Страница 74 из 86
Зачем же воевода остался в землянке? Что он хочет услышать? Кажется, без Люти Свен слегка расслабился, стал более доступен. Попробовать поколдовать? А под какой текст? Только бы Коля не влез!»
– Ну! Чо ж молчите, бродяжки? Али сказок жалко?
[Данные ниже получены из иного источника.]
Lemma pseries_tail_lim (c : nat -> R) k : ex_series c ->
  is_lim_seq (fun m => Series (fun j => c (S (m + k) + j)%nat)) 0.
Proof.
  intros Ec.
  assert (Hsum : is_lim_seq (fun m => sum_n c (m + k)) (Series c)).
  { apply (is_lim_seq_incr_n (sum_n c) k), Series_correct, Ec. }
  refine (is_lim_seq_ext _ _ _ _ _).
  2: { replace 0 with (Series c - Series c) by ring.
       exact (is_lim_seq_minus' _ _ _ _ (is_lim_seq_const _) Hsum). }
  intros m. rewrite (Series_incr_n c (S (m + k))), sum_n_Reals by (auto; lia). simpl. ring.
Qed.

Lemma pseries_bounded_coef_zero a f (M : R) :
  has_pseries a f -> (forall l, l <> 0 -> Cmod (f l) <= M) ->
  forall k, (1 <= k)%nat -> a k = 0.
Proof.
  intros H HM k Hk.
  assert (Hbound : forall rho, 0 < rho -> Cmod (a k) * rho ^ k <= M).
  { intros rho Hrho.
    set (c := fun n => Cmod (a n) * rho ^ n).
    assert (Hlim : is_lim_seq (fun m => M + 2 * Series (fun j => c (S (m + k) + j)%nat))
                              (M + 2 * 0)).
    { apply is_lim_seq_plus'; [apply is_lim_seq_const|].
      apply is_lim_seq_mult'; [apply is_lim_seq_const|].
      apply pseries_tail_lim, (has_pseries_abs a f H); lra. }
    rewrite Rmult_0_r, Rplus_0_r in Hlim.
    refine (is_lim_seq_le (fun _ => Cmod (a k) * rho ^ k) _ _ _ _ (is_lim_seq_const _) Hlim).
    intros m; apply (pseries_coef_estimate a f M rho k); auto; lia. }
  apply Cmod_eq_0. destruct (Req_dec (Cmod (a k)) 0) as [|Hne]; auto; exfalso.
  pose proof (Cmod_ge_0 (a k)) as Hge.
  set (rho := M / Cmod (a k) + 1).
  assert (HM0 : 0 <= M) by (eapply Rle_trans; [|apply (HM 1), C1_nz]; apply Cmod_ge_0).
  assert (Hrho1 : 1 <= rho)
    by (unfold rho; pose proof (Rdiv_le_0_compat M (Cmod (a k)) HM0 ltac:(lra)); lra).
  assert (Hrhok : rho <= rho ^ k).
  { destruct k as [|k]; [lia|]. simpl. pose proof (pow_R1_Rle rho k Hrho1). nra. }
  specialize (Hbound rho ltac:(lra)).
  assert (Cmod (a k) * rho = M + Cmod (a k)) by (unfold rho; field; lra).
  nra.
Qed.

Lemma entire_liouville f c d : entire f c -> entire (fun m => f (/ m)%C) d ->
  forall l, l <> 0 -> f l = c.
Proof.
  intros [a [Ha <-]] [b [Hb _]] l Hl.
  set (M := Rmax (2 * Series (fun n => Cmod (a n) * 1 ^ n))
                 (2 * Series (fun n => Cmod (b n) * 1 ^ n))).
  assert (HM : forall l, l <> 0 -> Cmod (f l) <= M).
  { intros z Hz. destruct (Rle_lt_dec (Cmod z) 1) as [Hz1|Hz1].
    - eapply Rle_trans; [apply (has_pseries_Cmod_le a f z 1 Ha Hz Hz1) | apply Rmax_l].
    - rewrite <- (Cinv_inv z) by exact Hz.
      assert (Hinv : Cmod (/ z)%C <= 1).
      { rewrite Cmod_inv by exact Hz. rewrite <- Rinv_1. apply Rinv_le_contravar; lra. }
      eapply Rle_trans; [apply (has_pseries_Cmod_le b _ (/ z)%C 1 Hb (Cinv_neq_0 z Hz) Hinv)
                        | apply Rmax_r]. }
  apply (has_pseries_constant a f l Ha); auto.
  intros n; apply (pseries_bounded_coef_zero a f M Ha HM); lia.
Qed.

(** * Birkhoff factorizations *)

Definition M2adjugate (A : M2) : M2 := mkM2 (m22 A) (- m12 A) (- m21 A) (m11 A).

Local Ltac expand_M2 :=
  unfold M2inv, M2adjugate, M2scal, M2mul, M2id, M2det in *;
  cbn -[Cplus Cmult Cinv Copp Cminus RtoC] in *.

Lemma M2_eq (A B : M2) : (forall i j, ent A i j = ent B i j) -> A = B.
Proof.
  destruct A, B; intros H.
  generalize (H false false) (H false true) (H true false) (H true true); simpl.
  intros -> -> -> ->; reflexivity.
Qed.

Lemma ent_M2mul A B i j : ent (M2mul A B) i j =
  (ent A i false * ent B false j + ent A i true * ent B true j)%C.
Proof. destruct i, j; reflexivity. Qed.

Lemma M2mul_assoc A B D : M2mul (M2mul A B) D = M2mul A (M2mul B D).
Proof. destruct A, B, D; unfold M2mul; simpl; f_equal; ring. Qed.

Lemma M2mul_1_l A : M2mul M2id A = A.
Proof. destruct A; unfold M2mul, M2id; simpl; f_equal; ring. Qed.

Lemma M2mul_1_r A : M2mul A M2id = A.
Proof. destruct A; unfold M2mul, M2id; simpl; f_equal; ring. Qed.

Lemma M2det_mul A B : M2det (M2mul A B) = (M2det A * M2det B)%C.
Proof. destruct A, B; unfold M2det, M2mul; simpl; ring. Qed.

Lemma M2mul_inv_l A : M2det A <> 0 -> M2mul (M2inv A) A = M2id.
Proof. destruct A; expand_M2; intros H; f_equal; field; exact H. Qed.

Lemma M2mul_inv_r A : M2det A <> 0 -> M2mul A (M2inv A) = M2id.
Proof. destruct A; expand_M2; intros H; f_equal; field; exact H. Qed.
«Все, надо говорить. Если начнет злиться, его будет не пробить», – принял решение Вар-ка и начал:
– Давно мы бредем по земле, и видали мы всяко. Велик мир под рукою Божьей, и много в нем дивного всякого. Страны есть, где зимы не бывает, а есть края, где длится она от века. Видел я землю, где сколько ден ни иди – ни дерева, ни куста не видать, лишь песок да каменья. А бывал и в краях, где леса такие, что и шагу не ступить, а дерева там растут – впятером не охватные…
Вар-ка говорил и всматривался в слушателя: «Никакой мимики на лице воеводы в полутьме не разглядеть, да и нет ее, наверное. Ну, разве что усами шевельнет. Для нормального воздействия нужен диалог, а географическая экзотика Свена не особо забирает, хотя слушает явно с интересом. Едем дальше».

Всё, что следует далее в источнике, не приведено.